----- Source information
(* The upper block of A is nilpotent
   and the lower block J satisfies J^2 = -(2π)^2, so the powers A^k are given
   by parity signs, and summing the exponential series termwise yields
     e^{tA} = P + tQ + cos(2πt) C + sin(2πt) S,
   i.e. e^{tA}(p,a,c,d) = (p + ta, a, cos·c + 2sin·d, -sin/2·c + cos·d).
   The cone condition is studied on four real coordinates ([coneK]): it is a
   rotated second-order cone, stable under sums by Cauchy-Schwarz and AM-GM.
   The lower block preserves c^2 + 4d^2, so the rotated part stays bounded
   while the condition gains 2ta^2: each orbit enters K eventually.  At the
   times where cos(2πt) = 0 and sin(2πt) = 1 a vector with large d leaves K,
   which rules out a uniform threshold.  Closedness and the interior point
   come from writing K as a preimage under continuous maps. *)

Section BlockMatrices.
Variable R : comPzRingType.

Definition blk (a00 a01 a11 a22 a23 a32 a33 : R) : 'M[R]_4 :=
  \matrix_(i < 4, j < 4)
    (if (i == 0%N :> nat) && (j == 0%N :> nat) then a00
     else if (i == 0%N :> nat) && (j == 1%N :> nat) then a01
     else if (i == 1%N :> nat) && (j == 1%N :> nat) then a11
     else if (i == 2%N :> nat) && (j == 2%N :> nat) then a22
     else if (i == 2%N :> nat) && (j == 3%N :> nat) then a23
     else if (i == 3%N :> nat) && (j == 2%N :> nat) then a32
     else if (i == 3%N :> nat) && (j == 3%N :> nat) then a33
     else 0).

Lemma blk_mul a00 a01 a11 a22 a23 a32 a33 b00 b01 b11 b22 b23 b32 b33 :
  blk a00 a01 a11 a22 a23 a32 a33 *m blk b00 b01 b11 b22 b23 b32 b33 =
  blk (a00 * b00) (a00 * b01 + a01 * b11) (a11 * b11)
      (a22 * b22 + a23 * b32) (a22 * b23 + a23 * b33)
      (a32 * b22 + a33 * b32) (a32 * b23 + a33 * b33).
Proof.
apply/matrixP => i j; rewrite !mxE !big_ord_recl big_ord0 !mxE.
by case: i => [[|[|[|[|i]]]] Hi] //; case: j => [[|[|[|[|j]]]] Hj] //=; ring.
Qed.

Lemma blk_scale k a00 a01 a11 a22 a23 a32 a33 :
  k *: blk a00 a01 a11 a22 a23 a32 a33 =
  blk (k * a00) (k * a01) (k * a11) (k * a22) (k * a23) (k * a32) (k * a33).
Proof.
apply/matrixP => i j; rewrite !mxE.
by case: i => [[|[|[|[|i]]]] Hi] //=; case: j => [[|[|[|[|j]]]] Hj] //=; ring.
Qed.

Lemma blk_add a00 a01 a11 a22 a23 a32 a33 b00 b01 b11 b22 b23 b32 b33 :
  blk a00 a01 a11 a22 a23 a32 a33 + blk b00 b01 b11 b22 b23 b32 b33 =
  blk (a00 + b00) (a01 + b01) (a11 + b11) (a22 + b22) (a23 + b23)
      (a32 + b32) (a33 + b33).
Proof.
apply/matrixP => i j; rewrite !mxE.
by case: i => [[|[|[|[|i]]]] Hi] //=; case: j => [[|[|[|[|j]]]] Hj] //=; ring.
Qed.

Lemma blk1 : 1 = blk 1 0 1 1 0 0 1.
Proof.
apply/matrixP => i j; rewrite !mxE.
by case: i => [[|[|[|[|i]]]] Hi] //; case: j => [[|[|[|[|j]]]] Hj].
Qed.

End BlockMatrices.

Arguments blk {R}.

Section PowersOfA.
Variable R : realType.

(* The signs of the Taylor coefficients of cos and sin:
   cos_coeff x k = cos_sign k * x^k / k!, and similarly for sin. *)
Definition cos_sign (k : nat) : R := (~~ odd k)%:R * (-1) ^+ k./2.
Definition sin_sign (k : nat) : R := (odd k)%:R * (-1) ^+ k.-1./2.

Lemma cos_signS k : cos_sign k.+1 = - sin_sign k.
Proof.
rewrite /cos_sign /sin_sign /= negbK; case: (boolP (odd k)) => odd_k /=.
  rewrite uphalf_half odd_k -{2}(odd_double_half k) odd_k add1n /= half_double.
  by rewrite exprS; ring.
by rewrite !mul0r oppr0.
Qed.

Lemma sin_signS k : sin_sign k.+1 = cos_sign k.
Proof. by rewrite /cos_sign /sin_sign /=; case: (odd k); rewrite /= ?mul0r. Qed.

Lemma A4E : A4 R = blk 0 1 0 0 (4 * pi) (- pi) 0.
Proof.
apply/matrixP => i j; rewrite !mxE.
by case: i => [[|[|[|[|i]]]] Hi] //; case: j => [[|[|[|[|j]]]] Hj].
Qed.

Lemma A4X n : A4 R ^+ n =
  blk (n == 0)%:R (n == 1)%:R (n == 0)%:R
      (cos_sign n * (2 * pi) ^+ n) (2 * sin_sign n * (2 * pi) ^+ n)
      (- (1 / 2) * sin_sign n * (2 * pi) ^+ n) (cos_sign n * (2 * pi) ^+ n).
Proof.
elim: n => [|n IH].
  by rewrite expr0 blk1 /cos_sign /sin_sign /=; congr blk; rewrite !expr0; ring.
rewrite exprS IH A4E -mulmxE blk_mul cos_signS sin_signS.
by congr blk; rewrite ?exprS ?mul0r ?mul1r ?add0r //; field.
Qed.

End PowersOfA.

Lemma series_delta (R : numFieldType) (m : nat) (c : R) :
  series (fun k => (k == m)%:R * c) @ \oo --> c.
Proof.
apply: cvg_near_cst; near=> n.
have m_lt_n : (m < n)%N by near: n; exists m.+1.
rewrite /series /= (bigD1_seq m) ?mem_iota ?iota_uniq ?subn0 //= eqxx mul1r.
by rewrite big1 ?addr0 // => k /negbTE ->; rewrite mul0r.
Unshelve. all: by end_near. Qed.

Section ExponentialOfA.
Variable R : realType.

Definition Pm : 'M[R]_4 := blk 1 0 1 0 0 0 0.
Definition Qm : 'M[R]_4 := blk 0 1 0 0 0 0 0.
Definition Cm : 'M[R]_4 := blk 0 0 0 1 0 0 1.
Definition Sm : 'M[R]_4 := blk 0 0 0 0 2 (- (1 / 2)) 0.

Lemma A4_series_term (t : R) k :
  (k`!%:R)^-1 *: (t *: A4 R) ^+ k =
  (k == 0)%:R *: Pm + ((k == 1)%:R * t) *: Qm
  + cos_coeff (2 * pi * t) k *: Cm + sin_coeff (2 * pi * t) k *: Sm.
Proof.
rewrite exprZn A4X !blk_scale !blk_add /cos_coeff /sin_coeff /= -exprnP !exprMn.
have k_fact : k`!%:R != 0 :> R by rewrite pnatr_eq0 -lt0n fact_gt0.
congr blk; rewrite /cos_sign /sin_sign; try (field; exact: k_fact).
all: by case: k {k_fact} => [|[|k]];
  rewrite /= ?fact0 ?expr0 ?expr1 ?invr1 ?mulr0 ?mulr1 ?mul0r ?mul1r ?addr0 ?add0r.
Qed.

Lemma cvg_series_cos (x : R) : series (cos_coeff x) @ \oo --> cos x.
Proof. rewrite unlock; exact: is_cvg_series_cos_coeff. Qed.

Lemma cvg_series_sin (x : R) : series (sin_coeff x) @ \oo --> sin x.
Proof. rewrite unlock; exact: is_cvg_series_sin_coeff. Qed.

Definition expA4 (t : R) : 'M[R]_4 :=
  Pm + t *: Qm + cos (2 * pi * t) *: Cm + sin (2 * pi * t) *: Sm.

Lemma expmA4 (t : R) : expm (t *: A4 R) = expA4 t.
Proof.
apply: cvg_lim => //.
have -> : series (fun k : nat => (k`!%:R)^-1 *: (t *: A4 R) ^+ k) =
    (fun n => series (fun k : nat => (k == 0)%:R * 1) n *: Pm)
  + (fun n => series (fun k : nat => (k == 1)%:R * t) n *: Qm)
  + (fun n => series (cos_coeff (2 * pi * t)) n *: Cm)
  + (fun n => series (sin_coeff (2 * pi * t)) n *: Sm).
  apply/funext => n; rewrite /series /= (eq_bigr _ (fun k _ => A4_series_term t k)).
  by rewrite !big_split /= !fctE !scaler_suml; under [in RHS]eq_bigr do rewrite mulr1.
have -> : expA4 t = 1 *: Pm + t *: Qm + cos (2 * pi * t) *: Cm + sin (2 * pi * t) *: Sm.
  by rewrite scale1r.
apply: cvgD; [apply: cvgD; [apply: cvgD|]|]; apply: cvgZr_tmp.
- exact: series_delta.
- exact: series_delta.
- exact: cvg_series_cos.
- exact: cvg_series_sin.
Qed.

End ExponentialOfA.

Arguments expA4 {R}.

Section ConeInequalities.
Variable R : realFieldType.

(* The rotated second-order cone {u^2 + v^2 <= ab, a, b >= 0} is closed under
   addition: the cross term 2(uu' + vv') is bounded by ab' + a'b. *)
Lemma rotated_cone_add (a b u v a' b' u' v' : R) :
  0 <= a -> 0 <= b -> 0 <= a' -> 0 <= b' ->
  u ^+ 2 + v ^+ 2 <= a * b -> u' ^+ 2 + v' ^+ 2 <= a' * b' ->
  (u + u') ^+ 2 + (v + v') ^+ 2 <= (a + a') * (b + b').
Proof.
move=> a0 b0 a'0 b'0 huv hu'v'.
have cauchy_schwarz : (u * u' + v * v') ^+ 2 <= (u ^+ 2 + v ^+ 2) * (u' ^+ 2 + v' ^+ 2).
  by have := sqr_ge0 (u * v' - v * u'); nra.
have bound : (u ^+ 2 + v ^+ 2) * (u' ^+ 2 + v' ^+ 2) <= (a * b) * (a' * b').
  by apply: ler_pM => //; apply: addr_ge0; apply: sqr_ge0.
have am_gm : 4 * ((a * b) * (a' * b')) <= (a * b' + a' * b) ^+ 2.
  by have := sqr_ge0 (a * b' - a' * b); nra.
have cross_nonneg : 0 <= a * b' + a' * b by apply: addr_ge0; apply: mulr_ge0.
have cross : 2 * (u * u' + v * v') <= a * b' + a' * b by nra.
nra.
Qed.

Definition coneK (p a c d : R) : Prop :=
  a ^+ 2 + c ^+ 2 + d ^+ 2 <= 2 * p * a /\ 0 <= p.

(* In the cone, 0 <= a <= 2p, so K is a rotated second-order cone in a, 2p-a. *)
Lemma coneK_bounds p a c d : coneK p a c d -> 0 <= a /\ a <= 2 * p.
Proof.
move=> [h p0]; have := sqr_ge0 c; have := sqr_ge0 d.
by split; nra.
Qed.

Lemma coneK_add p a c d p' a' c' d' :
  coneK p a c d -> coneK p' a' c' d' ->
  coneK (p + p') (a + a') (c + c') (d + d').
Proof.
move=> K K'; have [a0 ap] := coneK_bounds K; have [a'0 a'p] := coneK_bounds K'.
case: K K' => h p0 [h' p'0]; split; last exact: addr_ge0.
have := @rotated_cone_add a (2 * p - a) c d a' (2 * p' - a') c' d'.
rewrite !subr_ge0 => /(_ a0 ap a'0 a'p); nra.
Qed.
----------
[Exercise details]
Say how many lines of these records hold the string "order", giving the number and no other words.

[Result below]
3